(* Summing over a Poisson number of trials: the weights x^t/t! turn factorial
   moments into powers of x. *)
Section PoissonSeries.
Variable R : realType.

Lemma cvg_sum (I : Type) (r : seq I) (u : I -> nat -> R) (a : I -> R) :
  (forall i, u i @ \oo --> a i) ->
  (fun N => \sum_(i <- r) u i N) @ \oo --> \sum_(i <- r) a i.
Proof. by move=> cvg_u; apply: cvg_big => //; exact: add_continuous. Qed.

Lemma series_ffact_exp (x y : R) k :
  series (fun t => x ^+ t / t`!%:R * (t ^_ k)%:R * y ^+ (t - k)) @ \oo -->
  x ^+ k * expR (x * y).
Proof.
rewrite -(cvg_shiftn k).
have shifted N : series (fun t => x ^+ t / t`!%:R * (t ^_ k)%:R * y ^+ (t - k)) (N + k)%N
   = x ^+ k * series (exp_coeff (x * y)) N.
  rewrite /series /= (big_cat_nat (n := k)) ?leq_addl //=.
  rewrite big1_seq ?add0r; last first.
    by move=> i; rewrite mem_index_iota => /andP [_ lt_ik]; rewrite ffact_small // mulr0 mul0r.
  rewrite -{1}(add0n k) big_addn addnK big_distrr /=; apply: eq_bigr => i _.
  rewrite addnK /exp_coeff /= exprMn exprD.
  have fact_split : ((i + k) ^_ k * i`!)%N = (i + k)`!.
    by rewrite -{2}(addnK k i) ffact_fact ?leq_addl.
  rewrite -fact_split natrM invfM.
  have ffact_neq0 : ((i + k) ^_ k)%:R != 0 :> R.
    by rewrite pnatr_eq0 -lt0n ffact_gt0 leq_addl.
  by field; rewrite ffact_neq0 pnatr_eq0 -lt0n fact_gt0.
under eq_fun do rewrite shifted.
apply: cvgMl_tmp; exact: is_cvg_series_exp_coeff.
Qed.

Lemma series_ffact_eval (x S : R) (Q : {poly R}) :
  series (fun t => x ^+ t / t`!%:R * ffact_eval t S Q) @ \oo --> expR (x * S) * Q.[x].
Proof.
have -> : series (fun t => x ^+ t / t`!%:R * ffact_eval t S Q) = fun N =>
    \sum_(k < size Q) Q`_k * series (fun t => x ^+ t / t`!%:R * (t ^_ k)%:R * S ^+ (t - k)) N.
  apply/funext => N; rewrite /series /=.
  under eq_bigr do rewrite ffact_eval_size big_distrr.
  rewrite exchange_big; apply: eq_bigr => k _; rewrite big_distrr.
  by apply: eq_bigr => t _ /=; ring.
rewrite horner_coef big_distrr /=.
under eq_bigr => k _ do rewrite mulrCA [expR _ * _]mulrC.
by apply: cvg_sum => k; apply: cvgMl_tmp; exact: series_ffact_exp.
Qed.

(* Poissonized moments factorize: the counts behave like independent Poisson
   variables with means x p_i. *)
Lemma poissonized_word_moment n (x : R) (p u v : 'I_n -> R) :
  series (fun t => x ^+ t / t`!%:R * word_moment t p u v) @ \oo -->
  expR (x * \sum_i p i) * \prod_i (u i + v i * p i * x).
Proof.
have -> : \prod_i (u i + v i * p i * x) = (moment_poly p u v).[x].
  rewrite /moment_poly horner_prod; apply: eq_bigr => i _.
  by rewrite hornerD hornerC hornerZ hornerX.
under eq_fun do rewrite word_moment_ffact_eval.
exact: series_ffact_eval.
Qed.

End PoissonSeries.

Lemma sum_delta (R : nzSemiRingType) (T : finType) (x : T) (g : T -> R) :
  \sum_i (x == i)%:R * g i = g x.
Proof.
rewrite (bigD1 x) //= eqxx mul1r big1 ?addr0 // => i neq_ix.
by rewrite eq_sym (negbTE neq_ix) mul0r.
Qed.

Section LtildeDeterminant.
Variables (R : realType) (n t : nat) (L : 'M[R]_n) (l : 'I_n -> R).
Variable s : {ffun 'I_t -> 'I_n}.
Hypothesis l_gt0 : forall i, 0 < l i.

Definition selection : 'M[R]_(t, n) := \matrix_(a, i) ((s a == i)%:R / Num.sqrt (l i)).

Lemma selection_conj (M : 'M[R]_n) :
  selection *m M *m selection^T =
  \matrix_(a, b) (M (s a) (s b) / (Num.sqrt (l (s a)) * Num.sqrt (l (s b)))).
Proof.
have row_sel a j : (selection *m M) a j = M (s a) j / Num.sqrt (l (s a)).
  rewrite mxE -(sum_delta (s a) (fun i => M i j / Num.sqrt (l i))).
  by apply: eq_bigr => i _; rewrite !mxE; ring.
apply/matrixP => a b; rewrite !mxE.
under eq_bigr do rewrite row_sel !mxE.
rewrite invfM mulrA.
rewrite -(sum_delta (s b) (fun j => M (s a) j / Num.sqrt (l (s a)) / Num.sqrt (l j))).
by apply: eq_bigr => j _; ring.
Qed.

Lemma selection_gram :
  selection^T *m selection = diag_mx (\row_i ((occ s i)%:R / l i)).
Proof.
apply/matrixP => i j; rewrite !mxE.
have [<- | neq_ij] := eqVneq i j; last first.
  rewrite mulr0n big1 // => a _; rewrite !mxE.
  by case: eqP => [-> | _]; rewrite ?(negbTE neq_ij) !mul0r ?mulr0.
rewrite mulr1n /occ natr_sum big_distrl /=; apply: eq_bigr => a _; rewrite !mxE.
by case: (s a == i); rewrite /= ?mul0r // !div1r -invfM -expr2 sqr_sqrtr ?ltW.
Qed.

Lemma Ltilde_selection (a r : R) :
  a *: Ltilde L l r s = selection *m ((a / r) *: L) *m selection^T.
Proof.
rewrite selection_conj; apply/matrixP => x y; rewrite !mxE sqrtrM ?ltW //.
by rewrite invfM; ring.
Qed.

Lemma det_Ltilde (a r : R) :
  \det (1%:M + a *: Ltilde L l r s) =
  \sum_(q : 'S_n) (-1) ^+ q *
    \prod_i ((i == q i)%:R + a / r * L i (q i) / l i * (occ s i)%:R).
Proof.
rewrite Ltilde_selection det_1_mulmxC mulmxA selection_gram mul_diag_mx.
apply: eq_bigr => q _; congr (_ * _); apply: eq_bigr => i _.
by rewrite !mxE; ring.
Qed.

End LtildeDeterminant.

(* Expansion of det(I + a L~_sigma) e^{-t/r} averaged over sigma, one
   permutation q at a time.  The Leibniz factor of q is affine in the counts:
   leib_const q i + leib_slope q i * N_i(sigma). *)
Section PoissonDeterminant.
Variables (R : realType) (n : nat) (L : 'M[R]_n) (l : 'I_n -> R) (a r : R).
Hypothesis l_gt0 : forall i, 0 < l i.
Hypothesis r_neq0 : r != 0.

Definition leib_const (q : 'S_n) (i : 'I_n) : R := (i == q i)%:R.
Definition leib_slope (q : 'S_n) (i : 'I_n) : R := a / r * L i (q i) / l i.

(* For each t, the Poisson-weighted average is a signed sum of word moments;
   the factors e^{-t/r} turn the Poisson rate lam into lam e^{-1/r}. *)
Lemma poisson_term_det_Ltilde (lam : R) (p : 'I_n -> R) t :
  poisson_iid_term lam p
    (fun t sigma => \det (1%:M + a *: Ltilde L l r sigma) / expR (t%:R / r)) t =
  \sum_(q : 'S_n) expR (- lam) * (-1) ^+ q *
    ((lam / expR r^-1) ^+ t / t`!%:R * word_moment t p (leib_const q) (leib_slope q)).
Proof.
have E_t : expR (t%:R / r) = expR r^-1 ^+ t by rewrite expRM_natl.
have E_neq0 : expR r^-1 ^+ t != 0 by rewrite expf_neq0 // gt_eqF ?expR_gt0.
have fact_neq0 : t`!%:R != 0 :> R by rewrite pnatr_eq0 -lt0n fact_gt0.
rewrite /poisson_iid_term /word_moment E_t expr_div_n.
under eq_bigr => sigma _ do rewrite det_Ltilde // big_distrl big_distrr.
rewrite exchange_big big_distrr /=; apply: eq_bigr => q _.
rewrite !big_distrr /=; apply: eq_bigr => sigma _.
(* Abstract the big products so that field sees them as atoms. *)
set P := \prod_(i < n) _; set W := \prod_(j < t) _; set sg := (-1) ^+ _.
clearbody P W sg.
by field; rewrite E_neq0 fact_neq0.
Qed.

Lemma poisson_det_Ltilde :
  series (poisson_iid_term (r * expR r^-1 * \sum_i l i) (fun i => l i / \sum_i l i)
    (fun t sigma => \det (1%:M + a *: Ltilde L l r sigma) / expR (t%:R / r))) @ \oo -->
  expR (r * \sum_i l i - r * expR r^-1 * \sum_i l i) * \det (1%:M + a *: L).
Proof.
set dt := \sum_i l i; set lam := r * expR r^-1 * dt; set p := fun i => l i / dt.
have rate : lam / expR r^-1 = r * dt by rewrite /lam mulrAC mulfK // gt_eqF ?expR_gt0.
have mass : r * dt * \sum_i p i = r * dt.
  rewrite /p -big_distrl -/dt /=.
  by have [-> | dt_neq0] := eqVneq dt 0; rewrite ?mulr0 ?mul0r // mulfV ?mulr1.
have entry q i :
    leib_const q i + leib_slope q i * p i * (r * dt) = (1%:M + a *: L) i (q i).
  have dt_neq0 : dt != 0.
    rewrite gt_eqF // /dt (bigD1 i) //= ltr_pwDl // sumr_ge0 // => j _.
    exact: ltW.
  have li_neq0 : l i != 0 by rewrite gt_eqF.
  rewrite !mxE /leib_const /leib_slope /p [_ == _]eq_sym; clearbody dt.
  by field; rewrite li_neq0 dt_neq0 r_neq0.
have -> : series (poisson_iid_term lam p
    (fun t sigma => \det (1%:M + a *: Ltilde L l r sigma) / expR (t%:R / r))) =
  fun N => \sum_(q : 'S_n) expR (- lam) * (-1) ^+ q *
    series (fun t => (lam / expR r^-1) ^+ t / t`!%:R *
                     word_moment t p (leib_const q) (leib_slope q)) N.
  apply/funext => N; rewrite /series /=.
  under eq_bigr do rewrite poisson_term_det_Ltilde.
  by rewrite exchange_big; apply: eq_bigr => q _; rewrite big_distrr.
have -> : expR (r * dt - lam) * \det (1%:M + a *: L) =
    \sum_(q : 'S_n) expR (- lam) * (-1) ^+ q *
      (expR (lam / expR r^-1 * \sum_i p i) *
       \prod_i (leib_const q i + leib_slope q i * p i * (lam / expR r^-1))).
  rewrite rate mass [\det _]/determinant mulr_sumr; apply: eq_bigr => q _.
  rewrite (eq_bigr _ (fun i _ => entry q i)) addrC expRD -!mulrA.
  by congr (_ * _); rewrite mulrCA.
apply: cvg_sum => q; apply: cvgMl_tmp; exact: poissonized_word_moment.
Qed.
_ _ _ _
* What to produce: The entries above hold the needed span. Transcribe exactly the lines from the one with "rewrite Ltilde_selection det_1_mulmxC" to the one with "Definition leib_const (q", both included.

* Solution below:
rewrite Ltilde_selection det_1_mulmxC mulmxA selection_gram mul_diag_mx.
apply: eq_bigr => q _; congr (_ * _); apply: eq_bigr => i _.
by rewrite !mxE; ring.
Qed.

End LtildeDeterminant.

(* Expansion of det(I + a L~_sigma) e^{-t/r} averaged over sigma, one
   permutation q at a time.  The Leibniz factor of q is affine in the counts:
   leib_const q i + leib_slope q i * N_i(sigma). *)
Section PoissonDeterminant.
Variables (R : realType) (n : nat) (L : 'M[R]_n) (l : 'I_n -> R) (a r : R).
Hypothesis l_gt0 : forall i, 0 < l i.
Hypothesis r_neq0 : r != 0.

Definition leib_const (q : 'S_n) (i : 'I_n) : R := (i == q i)%:R.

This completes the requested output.